EXTRACTED RECORDS:
****************************************

Lemma square_summable_bounded (a c : nat -> R) :
  ex_series (fun n => a (S n) ^ 2 + c (S n) ^ 2) ->
  exists M, forall j, (1 <= j)%nat -> Rabs (a j) <= M /\ Rabs (c j) <= M.
Proof.
  intros Hsum. set (f := fun n => a (S n) ^ 2 + c (S n) ^ 2).
  assert (Hf : forall k, 0 <= f k) by (intros k; unfold f; nra).
  assert (Habs : forall x, Rabs x <= 1 + x ^ 2) by (intros x; apply Rabs_le; split; nra).
  exists (1 + Series f). intros j Hj. destruct j as [|n]; [lia |].
  pose proof (Series_ge_term f n Hf Hsum) as Hn. unfold f in Hn at 1.
  pose proof (Habs (a (S n))). pose proof (Habs (c (S n))).
  pose proof (pow2_ge_0 (a (S n))). pose proof (pow2_ge_0 (c (S n))).
  split; lra.
Qed.

Theorem mainTheorem15 (a c : nat -> R)
  (Hl2 : ex_series (fun n => a (S n) ^ 2 + c (S n) ^ 2)) :
  ex_series (fun n => F_term a c (S n)) /\
  0 <= Series (fun n => F_term a c (S n)).
Proof.
  destruct (square_summable_bounded a c Hl2) as [M HM].
  assert (Ha : forall j, (1 <= j)%nat -> Rabs (a j) <= M) by (intros j Hj; apply HM, Hj).
  assert (Hc : forall j, (1 <= j)%nat -> Rabs (c j) <= M) by (intros j Hj; apply HM, Hj).
  split.
  - exact (F_term_summable a c M Ha Hc Hl2).
  - exact (Series_F_term_nonneg a c M Ha Hc Hl2).
Qed.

****************************************

WHAT IS NEEDED: Output the whole listing word for word.

YOUR SOLUTION:
Lemma square_summable_bounded (a c : nat -> R) :
  ex_series (fun n => a (S n) ^ 2 + c (S n) ^ 2) ->
  exists M, forall j, (1 <= j)%nat -> Rabs (a j) <= M /\ Rabs (c j) <= M.
Proof.
  intros Hsum. set (f := fun n => a (S n) ^ 2 + c (S n) ^ 2).
  assert (Hf : forall k, 0 <= f k) by (intros k; unfold f; nra).
  assert (Habs : forall x, Rabs x <= 1 + x ^ 2) by (intros x; apply Rabs_le; split; nra).
  exists (1 + Series f). intros j Hj. destruct j as [|n]; [lia |].
  pose proof (Series_ge_term f n Hf Hsum) as Hn. unfold f in Hn at 1.
  pose proof (Habs (a (S n))). pose proof (Habs (c (S n))).
  pose proof (pow2_ge_0 (a (S n))). pose proof (pow2_ge_0 (c (S n))).
  split; lra.
Qed.

Theorem mainTheorem15 (a c : nat -> R)
  (Hl2 : ex_series (fun n => a (S n) ^ 2 + c (S n) ^ 2)) :
  ex_series (fun n => F_term a c (S n)) /\
  0 <= Series (fun n => F_term a c (S n)).
Proof.
  destruct (square_summable_bounded a c Hl2) as [M HM].
  assert (Ha : forall j, (1 <= j)%nat -> Rabs (a j) <= M) by (intros j Hj; apply HM, Hj).
  assert (Hc : forall j, (1 <= j)%nat -> Rabs (c j) <= M) by (intros j Hj; apply HM, Hj).
  split.
  - exact (F_term_summable a c M Ha Hc Hl2).
  - exact (Series_F_term_nonneg a c M Ha Hc Hl2).
Qed.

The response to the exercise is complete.